Europe’s largest economies face weak growth and political challenges. Germany, the EU’s largest economy, has avoided a technical recession, with its economy fluctuating between growth and contraction over the past two years. The government collapsed after disagreements within the three-party coalition over economic policies. France is also experiencing political instability, with centrist Prime Minister François Bayrou heading the country’s fourth government in a year.

China tariff fears

Fears of increased US tariffs and weak domestic demand have weighed on China’s economy. The yuan fell to a 16-month low against the dollar in January, while mainland bond yields and stocks also declined. The prospect of further tariffs has heightened concerns about the Chinese economy, which has struggled despite the unveiling of new stimulus measures last year. According to President Xi Jinping, China’s economy is on course to expand by 5% in 2025.
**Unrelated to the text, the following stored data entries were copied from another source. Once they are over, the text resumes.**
Lemma horton_parameters k t : (16 <= k)%N -> t = up_log 2 (k * k) ->
  let Q := (2 ^ (k - 2))%N in let m := (2 ^ (k - t))%N in
  let N := (2 ^ (t - 1)).-1 in let L := (k - t - 1)%N in
  [/\ (2 ^ k = 4 * Q)%N, (N * m + m = 2 * Q)%N, (2 ^ L <= m - 1)%N, (0 < N)%N
    & (k * k <= 2 * (L + N - 2))%N].
Proof.
move=> k_ge16 tE Q m N L.
have kk_le : (k * k <= 2 ^ t)%N by rewrite tE; apply: up_logP.
have t_le : (t <= k - 4)%N by rewrite tE; apply/up_log_min/sqr_le_exp2_sub4.
have kk_ge : (256 <= k * k)%N by apply: (leq_mul k_ge16 k_ge16).
have t_gt0 : (0 < t)%N by rewrite tE up_log_gt0 /=; lia.
have tN : (2 ^ t = 2 * N.+1)%N by rewrite prednK ?expn_gt0 // -expnS; congr (2 ^ _)%N; lia.
have mL : (m = 2 * 2 ^ L)%N by rewrite /m /L -expnS; congr (2 ^ _)%N; lia.
have mN : (m * N.+1 = 2 * Q)%N.
  by rewrite prednK ?expn_gt0 // /m /Q -expnD -expnS; congr (2 ^ _)%N; lia.
have L_gt0 := expn_gt0 2 L.
split; [| by rewrite addnC -mulSn mulnC | lia | lia | lia].
by rewrite /Q -[4%N]/(2 ^ 2)%N -expnD; congr (2 ^ _)%N; lia.
Qed.

Theorem lemma3 (R : realFieldType) (k : nat) (P : seq point) :
  (16 <= k)%N ->
  horton k P ->
  let n := (2 ^ k)%N in
  let t := up_log 2 (k * k) in
  let xL : R := (nth (0,0) P (n %/ 4)).1%:~R in
  let xR : R := (nth (0,0) P (3 * n %/ 4 - 1)).1%:~R in
  (* size >= n^{(1/2) log n} = 2^{k^2/2}, i.e. size^2 >= 2^{k^2} *)
  (2 ^ (k * k) <= pset_size P ^ 2)%N
  \/ exists l1 l2 l3 l4 : R,
       [/\ (xL < l1) && (l1 < l2) && (l2 < l3) && (l3 < l4) && (l4 < xR),
           count_between P l1 l2 = (2 ^ (k - t))%N,
           count_between P l3 l4 = (2 ^ (k - t))%N &
           (1 / 2 <= (l2 - l1) / (l4 - l3) <= 2)].
Proof.
move=> k_ge16 /horton_sorted_size [sortedP sizeP] n t xL xR.
have [nE NmE Lm N_gt0 kk_le] := horton_parameters k_ge16 (erefl t).
set Q := (2 ^ (k - 2))%N in nE NmE *; set m := (2 ^ (k - t))%N in NmE Lm *.
set N := (2 ^ (t - 1)).-1 in NmE N_gt0 kk_le; set L := (k - t - 1)%N in Lm kk_le.
have m_gt0 : (0 < m)%N by rewrite expn_gt0.
have fit : (Q.+1 + N * m <= 3 * Q - 1 < size P)%N by rewrite sizeP nE; lia.
have fitP : (Q.+1 + N * m <= size P)%N by lia.
rewrite /xL /xR /n nE mulKn // mulnCA mulKn // -/(xcoord P Q) -/(xcoord P (3 * Q - 1)).
have [[j jN wide] | [i [j [ij jN same]]]] := blocks_dichotomy m_gt0 sortedP fitP N_gt0 Lm.
- left; have big : (2 ^ (L + N - 2) <= pset_size P)%N.
    apply: (pset_size_ge_block_width m_gt0 sortedP fitP jN); apply: leq_trans wide.
    by rewrite leq_pexp2l //; lia.
  apply: (@leq_trans (2 ^ ((L + N - 2) * 2))); last by rewrite expnM leq_exp2r.
  by rewrite leq_pexp2l //; lia.
- right; apply: (equal_log_windows R m_gt0 sortedP fitP _ _ _ _ same) => //.
  + by have := expn_gt0 2 L; lia.
  + by rewrite ij.
Qed.
Lemma cofactor_conditions_frakn p Q :
  prime p -> p \notin [:: 2; 3; 7; 43] -> 0 < Q ->
  [/\ ~~ (p %| Q), ~~ (p.-1 %| Q) & Q %| cofactor_sum (p * Q) Q + 1] <->
  [/\ inW Q, frakn Q %| p & ~~ ((frakn Q - 1) %| Q)].
Proof.
move=> p_pr p_syl Q_gt0.
split=> [[p_Q p1_Q Q_sum] | [/(inWP Q_gt0) Q_sum frakn_p frakn1_Q]].
  have primes_Q : {in primes Q, forall r, r.-1 %| p * Q}.
    by move=> r /(dvdn_cofactor_sumS_primes Q_sum) /andP [].
  have frakn_p : frakn Q %| p by apply/frakn_dvdnP.
  split=> //; first by apply/inWP; rewrite // -(cofactor_sum_full primes_Q).
  case/primeP: p_pr => _ /(_ _ frakn_p) /pred2P [-> | ->].
    by rewrite subnn dvd0n -lt0n.
  by rewrite subn1.
have primes_Q : {in primes Q, forall r, r.-1 %| p * Q} by apply/frakn_dvdnP.
have p1_Q : ~~ (p.-1 %| Q).
  case/primeP: (p_pr) => _ /(_ _ frakn_p) /pred2P [frakn1 | fraknp]; last first.
    by rewrite fraknp subn1 in frakn1_Q.
  have /(frakn_dvdnP _ Q_gt0) primes_Q1 : frakn Q %| 1 by rewrite frakn1.
  have Q_syl : Q \in sylvester_products.
    apply: mem_sylvester_products => // r r_Q; split.
      by rewrite -[Q]mul1n primes_Q1.
    by have /andP [] := dvdn_cofactor_sumS_primes (P := fun _ => true) Q_sum r_Q.
  apply: contra p_syl => p1_Q.
  by apply: (sylvester_products_primes Q_syl p_pr); rewrite p1_Q.
have p_Q : ~~ (p %| Q).
  apply: contra p1_Q => p_Q; rewrite -(Gauss_dvdr _ (coprimePn (prime_gt0 p_pr))).
  by rewrite primes_Q // mem_primes p_pr Q_gt0 p_Q.
by split=> //; rewrite cofactor_sum_full.
Qed.

Theorem mainTheorem18 (p n : nat) :
  prime p -> p \notin [:: 2; 3; 7; 43] -> 0 < n -> p %| n ->
  (inM1 p n <->
   [/\ inW (n %/ p), frakn (n %/ p) %| p & ~~ ((frakn (n %/ p) - 1) %| n %/ p)]).
Proof.
move=> p_pr p_syl n_gt0 /dvdnP [Q def_n].
have Q_gt0 : 0 < Q by move: n_gt0; rewrite def_n muln_gt0 => /andP [].
rewrite def_n mulnK ?prime_gt0 // mulnC.
exact: iff_trans (inM1_pmul p_pr Q_gt0) (cofactor_conditions_frakn p_pr p_syl Q_gt0).
Qed.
Consumer price inflation slowed to just 0.1% in December, raising deflation concerns as Beijing’s efforts to revive consumption struggled to gain traction. But exports offered a bright spot, climbing 10.7% year-on-year in December to reach a record high. Imports, which were widely expected to fall, also rose 1%, marking the strongest performance since July 2024.

The world's second-largest economy has struggled in recent years following the pandemic. Beijing has faced challenges in lifting confidence amid a four-year property slump, periods of deflation and high youth unemployment.